- _WHAT IS EXPECTED_:
In the records below, begin at the line containing "exists rx; first" and end at the line containing "case: ifP => rooty."; quote every line in that span exactly, including both boundary lines, and no others.

- _Collected data entries_:

-- -- --

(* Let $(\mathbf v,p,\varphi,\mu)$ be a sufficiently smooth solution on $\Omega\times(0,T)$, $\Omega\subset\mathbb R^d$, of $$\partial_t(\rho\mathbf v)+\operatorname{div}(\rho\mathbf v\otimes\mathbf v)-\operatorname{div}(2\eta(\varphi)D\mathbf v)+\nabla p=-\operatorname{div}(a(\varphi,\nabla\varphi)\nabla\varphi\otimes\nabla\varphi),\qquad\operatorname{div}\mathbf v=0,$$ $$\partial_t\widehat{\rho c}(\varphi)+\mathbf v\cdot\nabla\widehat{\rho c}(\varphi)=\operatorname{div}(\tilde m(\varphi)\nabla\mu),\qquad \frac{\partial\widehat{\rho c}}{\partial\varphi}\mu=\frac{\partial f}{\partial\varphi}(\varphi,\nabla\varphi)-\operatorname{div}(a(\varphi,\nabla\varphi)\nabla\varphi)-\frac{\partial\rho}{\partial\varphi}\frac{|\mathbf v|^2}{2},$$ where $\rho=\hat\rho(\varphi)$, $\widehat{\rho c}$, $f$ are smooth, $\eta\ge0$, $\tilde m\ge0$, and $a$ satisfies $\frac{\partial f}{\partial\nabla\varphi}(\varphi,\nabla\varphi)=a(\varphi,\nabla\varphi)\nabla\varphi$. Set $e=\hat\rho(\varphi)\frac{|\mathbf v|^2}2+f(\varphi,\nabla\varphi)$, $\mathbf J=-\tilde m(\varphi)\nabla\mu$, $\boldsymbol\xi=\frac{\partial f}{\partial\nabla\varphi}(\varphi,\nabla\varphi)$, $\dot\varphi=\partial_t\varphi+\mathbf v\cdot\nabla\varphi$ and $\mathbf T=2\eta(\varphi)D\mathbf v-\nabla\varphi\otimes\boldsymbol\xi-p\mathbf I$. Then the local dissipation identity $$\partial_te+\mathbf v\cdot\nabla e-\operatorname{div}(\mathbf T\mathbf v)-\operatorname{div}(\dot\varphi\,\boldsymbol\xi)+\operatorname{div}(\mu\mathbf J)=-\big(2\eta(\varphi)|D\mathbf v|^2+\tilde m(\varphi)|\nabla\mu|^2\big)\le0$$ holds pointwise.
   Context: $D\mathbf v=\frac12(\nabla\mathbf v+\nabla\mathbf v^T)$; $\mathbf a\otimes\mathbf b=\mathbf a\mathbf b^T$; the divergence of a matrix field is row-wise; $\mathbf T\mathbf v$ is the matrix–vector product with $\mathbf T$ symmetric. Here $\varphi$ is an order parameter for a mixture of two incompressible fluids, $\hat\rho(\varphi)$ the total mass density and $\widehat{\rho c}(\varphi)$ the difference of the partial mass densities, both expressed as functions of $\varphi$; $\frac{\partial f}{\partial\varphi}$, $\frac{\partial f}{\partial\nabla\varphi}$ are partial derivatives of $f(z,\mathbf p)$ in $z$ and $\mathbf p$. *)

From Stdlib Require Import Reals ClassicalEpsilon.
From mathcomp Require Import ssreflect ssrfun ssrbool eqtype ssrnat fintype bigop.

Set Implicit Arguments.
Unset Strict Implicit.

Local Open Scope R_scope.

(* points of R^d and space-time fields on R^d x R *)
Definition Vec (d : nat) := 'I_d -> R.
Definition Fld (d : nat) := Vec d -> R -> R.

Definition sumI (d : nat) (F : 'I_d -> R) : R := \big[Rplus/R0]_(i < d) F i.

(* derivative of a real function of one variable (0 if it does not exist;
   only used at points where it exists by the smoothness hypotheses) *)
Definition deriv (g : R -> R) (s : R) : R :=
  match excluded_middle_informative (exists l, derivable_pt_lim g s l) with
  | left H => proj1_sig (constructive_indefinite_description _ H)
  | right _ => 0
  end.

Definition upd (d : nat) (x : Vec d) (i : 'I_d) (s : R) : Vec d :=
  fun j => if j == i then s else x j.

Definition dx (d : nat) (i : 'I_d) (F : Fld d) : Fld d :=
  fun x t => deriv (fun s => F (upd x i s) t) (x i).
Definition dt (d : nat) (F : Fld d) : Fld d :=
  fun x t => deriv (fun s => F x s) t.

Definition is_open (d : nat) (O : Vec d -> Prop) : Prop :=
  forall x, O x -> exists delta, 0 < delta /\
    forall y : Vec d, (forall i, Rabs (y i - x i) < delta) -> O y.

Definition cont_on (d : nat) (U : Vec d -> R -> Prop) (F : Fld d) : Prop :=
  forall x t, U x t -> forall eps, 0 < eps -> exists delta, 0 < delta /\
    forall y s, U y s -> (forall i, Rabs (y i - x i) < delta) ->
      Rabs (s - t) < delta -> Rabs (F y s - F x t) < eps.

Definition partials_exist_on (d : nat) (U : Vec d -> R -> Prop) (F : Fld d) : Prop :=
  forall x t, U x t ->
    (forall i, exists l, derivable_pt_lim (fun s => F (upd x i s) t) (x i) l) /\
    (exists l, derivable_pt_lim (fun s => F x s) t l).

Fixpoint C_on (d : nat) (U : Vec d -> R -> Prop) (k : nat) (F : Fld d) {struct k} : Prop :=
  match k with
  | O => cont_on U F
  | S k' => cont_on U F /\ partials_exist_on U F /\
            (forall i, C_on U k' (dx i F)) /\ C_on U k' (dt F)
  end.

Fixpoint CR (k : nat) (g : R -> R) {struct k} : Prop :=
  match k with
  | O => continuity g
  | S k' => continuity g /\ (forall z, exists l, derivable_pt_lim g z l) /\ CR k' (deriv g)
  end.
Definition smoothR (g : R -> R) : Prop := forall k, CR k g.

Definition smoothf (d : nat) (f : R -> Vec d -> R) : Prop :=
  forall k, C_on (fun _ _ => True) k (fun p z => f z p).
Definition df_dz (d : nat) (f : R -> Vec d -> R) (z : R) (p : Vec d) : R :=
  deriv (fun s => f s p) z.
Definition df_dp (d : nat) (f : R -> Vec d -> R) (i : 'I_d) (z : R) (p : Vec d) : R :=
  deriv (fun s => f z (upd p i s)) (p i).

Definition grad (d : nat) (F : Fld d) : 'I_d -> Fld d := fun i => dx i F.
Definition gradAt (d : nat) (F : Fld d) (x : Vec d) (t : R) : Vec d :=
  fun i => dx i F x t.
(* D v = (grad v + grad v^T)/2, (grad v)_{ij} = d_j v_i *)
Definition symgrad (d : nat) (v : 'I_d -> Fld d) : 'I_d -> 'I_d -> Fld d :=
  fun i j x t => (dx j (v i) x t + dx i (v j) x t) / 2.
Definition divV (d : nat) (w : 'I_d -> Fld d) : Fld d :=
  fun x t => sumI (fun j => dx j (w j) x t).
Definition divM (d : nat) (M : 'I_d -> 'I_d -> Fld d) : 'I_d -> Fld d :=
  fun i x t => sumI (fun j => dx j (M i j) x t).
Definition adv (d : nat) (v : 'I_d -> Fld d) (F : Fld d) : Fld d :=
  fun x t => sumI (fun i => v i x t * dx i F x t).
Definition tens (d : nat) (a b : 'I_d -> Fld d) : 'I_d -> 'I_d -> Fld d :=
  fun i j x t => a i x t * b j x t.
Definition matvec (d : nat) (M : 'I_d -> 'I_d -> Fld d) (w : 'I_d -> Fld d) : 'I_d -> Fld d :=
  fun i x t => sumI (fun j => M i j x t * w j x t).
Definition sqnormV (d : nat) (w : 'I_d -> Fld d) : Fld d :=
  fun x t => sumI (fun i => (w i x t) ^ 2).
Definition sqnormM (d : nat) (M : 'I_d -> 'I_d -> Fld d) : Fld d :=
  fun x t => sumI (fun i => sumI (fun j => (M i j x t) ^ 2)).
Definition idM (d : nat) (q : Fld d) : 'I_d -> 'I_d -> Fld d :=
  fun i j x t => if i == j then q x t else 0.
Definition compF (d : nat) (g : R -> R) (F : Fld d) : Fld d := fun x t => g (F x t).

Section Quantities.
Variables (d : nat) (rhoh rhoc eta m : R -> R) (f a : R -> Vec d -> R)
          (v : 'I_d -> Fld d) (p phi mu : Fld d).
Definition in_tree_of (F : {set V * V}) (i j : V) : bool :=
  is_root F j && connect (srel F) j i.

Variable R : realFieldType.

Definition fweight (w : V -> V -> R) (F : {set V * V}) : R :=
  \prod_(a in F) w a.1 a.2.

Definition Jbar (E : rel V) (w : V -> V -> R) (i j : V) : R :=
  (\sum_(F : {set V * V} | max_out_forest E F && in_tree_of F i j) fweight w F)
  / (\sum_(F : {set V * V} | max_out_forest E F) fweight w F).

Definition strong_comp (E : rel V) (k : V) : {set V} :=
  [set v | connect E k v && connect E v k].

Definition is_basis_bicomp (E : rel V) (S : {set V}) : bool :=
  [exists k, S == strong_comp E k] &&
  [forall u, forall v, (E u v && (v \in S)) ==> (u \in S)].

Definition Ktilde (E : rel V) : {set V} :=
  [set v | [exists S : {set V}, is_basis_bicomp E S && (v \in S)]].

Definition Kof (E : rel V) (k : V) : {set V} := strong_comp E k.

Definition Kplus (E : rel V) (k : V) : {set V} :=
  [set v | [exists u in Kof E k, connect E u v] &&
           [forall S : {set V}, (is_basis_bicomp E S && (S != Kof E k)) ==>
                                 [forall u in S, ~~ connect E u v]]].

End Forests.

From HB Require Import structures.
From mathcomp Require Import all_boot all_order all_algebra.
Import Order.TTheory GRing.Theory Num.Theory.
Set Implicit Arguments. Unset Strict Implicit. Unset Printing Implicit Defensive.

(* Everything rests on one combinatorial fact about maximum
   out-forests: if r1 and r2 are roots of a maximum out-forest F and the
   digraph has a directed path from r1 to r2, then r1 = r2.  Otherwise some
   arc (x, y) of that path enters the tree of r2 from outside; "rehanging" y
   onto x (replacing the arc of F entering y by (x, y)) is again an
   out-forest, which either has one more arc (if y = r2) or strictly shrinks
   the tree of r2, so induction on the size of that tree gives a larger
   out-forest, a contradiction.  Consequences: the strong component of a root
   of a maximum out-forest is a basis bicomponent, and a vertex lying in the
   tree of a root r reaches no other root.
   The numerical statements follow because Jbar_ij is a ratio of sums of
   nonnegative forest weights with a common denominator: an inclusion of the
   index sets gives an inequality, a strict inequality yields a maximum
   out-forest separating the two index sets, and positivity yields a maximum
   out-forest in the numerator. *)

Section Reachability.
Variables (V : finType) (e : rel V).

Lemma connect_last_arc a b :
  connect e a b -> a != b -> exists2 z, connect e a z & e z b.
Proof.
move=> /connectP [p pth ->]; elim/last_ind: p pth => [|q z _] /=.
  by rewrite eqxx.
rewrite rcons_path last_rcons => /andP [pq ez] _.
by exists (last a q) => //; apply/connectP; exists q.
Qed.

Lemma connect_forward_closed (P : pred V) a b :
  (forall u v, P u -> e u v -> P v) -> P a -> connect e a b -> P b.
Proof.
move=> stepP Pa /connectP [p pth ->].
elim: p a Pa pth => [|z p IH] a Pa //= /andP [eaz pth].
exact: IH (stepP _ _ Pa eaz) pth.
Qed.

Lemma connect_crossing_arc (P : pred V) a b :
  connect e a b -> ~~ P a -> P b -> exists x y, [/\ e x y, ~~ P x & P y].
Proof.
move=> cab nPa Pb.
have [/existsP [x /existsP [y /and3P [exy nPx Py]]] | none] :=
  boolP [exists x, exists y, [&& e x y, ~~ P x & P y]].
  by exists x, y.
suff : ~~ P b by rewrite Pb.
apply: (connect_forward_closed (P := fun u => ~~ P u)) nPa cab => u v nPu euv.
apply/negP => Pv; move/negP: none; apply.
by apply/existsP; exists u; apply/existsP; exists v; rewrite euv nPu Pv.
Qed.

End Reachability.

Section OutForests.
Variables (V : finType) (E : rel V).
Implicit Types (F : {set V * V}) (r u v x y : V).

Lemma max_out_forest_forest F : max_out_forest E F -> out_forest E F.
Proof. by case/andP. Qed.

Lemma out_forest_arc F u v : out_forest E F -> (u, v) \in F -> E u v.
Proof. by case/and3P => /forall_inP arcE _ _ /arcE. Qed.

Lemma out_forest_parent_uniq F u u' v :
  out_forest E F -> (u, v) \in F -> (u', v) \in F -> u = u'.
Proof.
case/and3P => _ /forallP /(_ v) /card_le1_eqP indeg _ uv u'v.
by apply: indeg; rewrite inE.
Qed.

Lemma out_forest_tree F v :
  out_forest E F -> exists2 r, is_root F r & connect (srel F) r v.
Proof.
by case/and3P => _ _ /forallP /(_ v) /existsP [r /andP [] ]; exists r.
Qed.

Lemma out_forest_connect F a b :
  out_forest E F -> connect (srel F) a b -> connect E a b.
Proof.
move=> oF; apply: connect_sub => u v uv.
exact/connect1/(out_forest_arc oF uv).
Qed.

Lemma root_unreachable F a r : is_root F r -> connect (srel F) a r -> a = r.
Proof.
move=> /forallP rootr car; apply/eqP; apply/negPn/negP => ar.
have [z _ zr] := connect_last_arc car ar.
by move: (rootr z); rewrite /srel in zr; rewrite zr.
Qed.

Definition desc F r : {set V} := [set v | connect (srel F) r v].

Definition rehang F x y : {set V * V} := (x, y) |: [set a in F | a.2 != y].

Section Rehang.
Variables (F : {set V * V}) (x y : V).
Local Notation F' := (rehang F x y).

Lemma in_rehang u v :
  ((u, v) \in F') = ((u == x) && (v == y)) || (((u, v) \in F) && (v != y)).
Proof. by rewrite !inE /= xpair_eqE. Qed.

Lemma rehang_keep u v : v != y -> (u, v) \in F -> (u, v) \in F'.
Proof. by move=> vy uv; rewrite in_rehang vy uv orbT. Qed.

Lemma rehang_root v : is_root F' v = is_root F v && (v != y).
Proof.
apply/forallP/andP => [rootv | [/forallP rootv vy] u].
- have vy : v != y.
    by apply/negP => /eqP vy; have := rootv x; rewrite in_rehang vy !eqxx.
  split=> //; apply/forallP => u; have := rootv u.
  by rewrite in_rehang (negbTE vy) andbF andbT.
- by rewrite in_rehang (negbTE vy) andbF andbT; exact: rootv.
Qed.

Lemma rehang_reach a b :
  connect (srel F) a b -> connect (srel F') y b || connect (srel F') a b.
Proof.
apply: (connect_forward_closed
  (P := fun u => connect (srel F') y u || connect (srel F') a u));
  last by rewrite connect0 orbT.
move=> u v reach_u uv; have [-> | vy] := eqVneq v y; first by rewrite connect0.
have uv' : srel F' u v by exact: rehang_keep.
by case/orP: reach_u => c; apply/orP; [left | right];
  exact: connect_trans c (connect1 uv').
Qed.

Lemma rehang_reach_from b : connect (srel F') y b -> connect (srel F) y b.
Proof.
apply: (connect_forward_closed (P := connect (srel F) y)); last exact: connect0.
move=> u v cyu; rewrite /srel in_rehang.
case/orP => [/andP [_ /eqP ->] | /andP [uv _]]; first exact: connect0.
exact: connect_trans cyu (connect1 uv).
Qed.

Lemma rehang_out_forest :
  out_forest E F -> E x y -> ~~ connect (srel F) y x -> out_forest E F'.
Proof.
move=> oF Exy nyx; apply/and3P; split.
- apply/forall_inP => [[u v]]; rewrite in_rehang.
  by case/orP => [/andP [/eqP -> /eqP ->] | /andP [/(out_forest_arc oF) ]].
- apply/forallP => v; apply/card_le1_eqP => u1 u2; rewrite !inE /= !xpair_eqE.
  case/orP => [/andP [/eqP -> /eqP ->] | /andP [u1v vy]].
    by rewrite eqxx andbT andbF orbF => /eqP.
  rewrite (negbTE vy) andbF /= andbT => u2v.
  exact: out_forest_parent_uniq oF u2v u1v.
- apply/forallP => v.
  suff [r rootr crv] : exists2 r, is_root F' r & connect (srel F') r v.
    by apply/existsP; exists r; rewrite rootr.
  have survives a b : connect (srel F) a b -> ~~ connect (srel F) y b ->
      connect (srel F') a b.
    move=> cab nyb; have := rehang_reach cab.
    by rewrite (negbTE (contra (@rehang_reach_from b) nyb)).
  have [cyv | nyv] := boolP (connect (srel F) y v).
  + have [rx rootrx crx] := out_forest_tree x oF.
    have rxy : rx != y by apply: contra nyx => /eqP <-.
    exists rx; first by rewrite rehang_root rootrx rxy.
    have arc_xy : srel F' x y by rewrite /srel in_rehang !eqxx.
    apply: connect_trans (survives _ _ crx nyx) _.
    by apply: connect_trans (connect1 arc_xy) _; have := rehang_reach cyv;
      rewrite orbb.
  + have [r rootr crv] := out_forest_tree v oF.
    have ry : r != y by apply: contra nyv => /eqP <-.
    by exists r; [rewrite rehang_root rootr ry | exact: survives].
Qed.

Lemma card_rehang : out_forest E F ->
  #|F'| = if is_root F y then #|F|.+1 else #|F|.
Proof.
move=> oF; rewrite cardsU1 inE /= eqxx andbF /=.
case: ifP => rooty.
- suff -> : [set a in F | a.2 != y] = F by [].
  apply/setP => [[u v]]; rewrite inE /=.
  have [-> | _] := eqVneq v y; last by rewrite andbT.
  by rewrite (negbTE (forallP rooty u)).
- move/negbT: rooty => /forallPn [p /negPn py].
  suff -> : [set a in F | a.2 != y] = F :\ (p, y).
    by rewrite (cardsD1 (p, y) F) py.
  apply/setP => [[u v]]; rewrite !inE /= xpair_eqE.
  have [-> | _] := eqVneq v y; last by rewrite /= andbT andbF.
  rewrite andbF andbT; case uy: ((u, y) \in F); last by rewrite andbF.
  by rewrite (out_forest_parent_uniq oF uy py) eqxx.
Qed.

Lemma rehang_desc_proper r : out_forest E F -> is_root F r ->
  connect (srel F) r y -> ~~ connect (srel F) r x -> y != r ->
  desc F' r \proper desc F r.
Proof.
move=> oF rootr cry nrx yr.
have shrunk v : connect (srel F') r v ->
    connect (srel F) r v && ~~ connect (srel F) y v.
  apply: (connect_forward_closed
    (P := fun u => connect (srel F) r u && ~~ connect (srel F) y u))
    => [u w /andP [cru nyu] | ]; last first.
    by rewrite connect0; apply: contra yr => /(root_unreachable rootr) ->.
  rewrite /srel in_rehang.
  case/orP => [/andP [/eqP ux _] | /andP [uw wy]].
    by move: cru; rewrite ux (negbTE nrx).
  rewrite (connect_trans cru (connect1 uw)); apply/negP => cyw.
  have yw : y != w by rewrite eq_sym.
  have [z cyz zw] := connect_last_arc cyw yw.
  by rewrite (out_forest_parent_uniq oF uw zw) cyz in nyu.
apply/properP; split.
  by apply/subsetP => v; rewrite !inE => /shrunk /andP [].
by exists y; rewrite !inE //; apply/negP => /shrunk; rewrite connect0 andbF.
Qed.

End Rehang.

-- -- --

- _RESPONSE TO THE TASK_:
    exists rx; first by rewrite rehang_root rootrx rxy.
    have arc_xy : srel F' x y by rewrite /srel in_rehang !eqxx.
    apply: connect_trans (survives _ _ crx nyx) _.
    by apply: connect_trans (connect1 arc_xy) _; have := rehang_reach cyv;
      rewrite orbb.
  + have [r rootr crv] := out_forest_tree v oF.
    have ry : r != y by apply: contra nyv => /eqP <-.
    by exists r; [rewrite rehang_root rootr ry | exact: survives].
Qed.

Lemma card_rehang : out_forest E F ->
  #|F'| = if is_root F y then #|F|.+1 else #|F|.
Proof.
move=> oF; rewrite cardsU1 inE /= eqxx andbF /=.
case: ifP => rooty.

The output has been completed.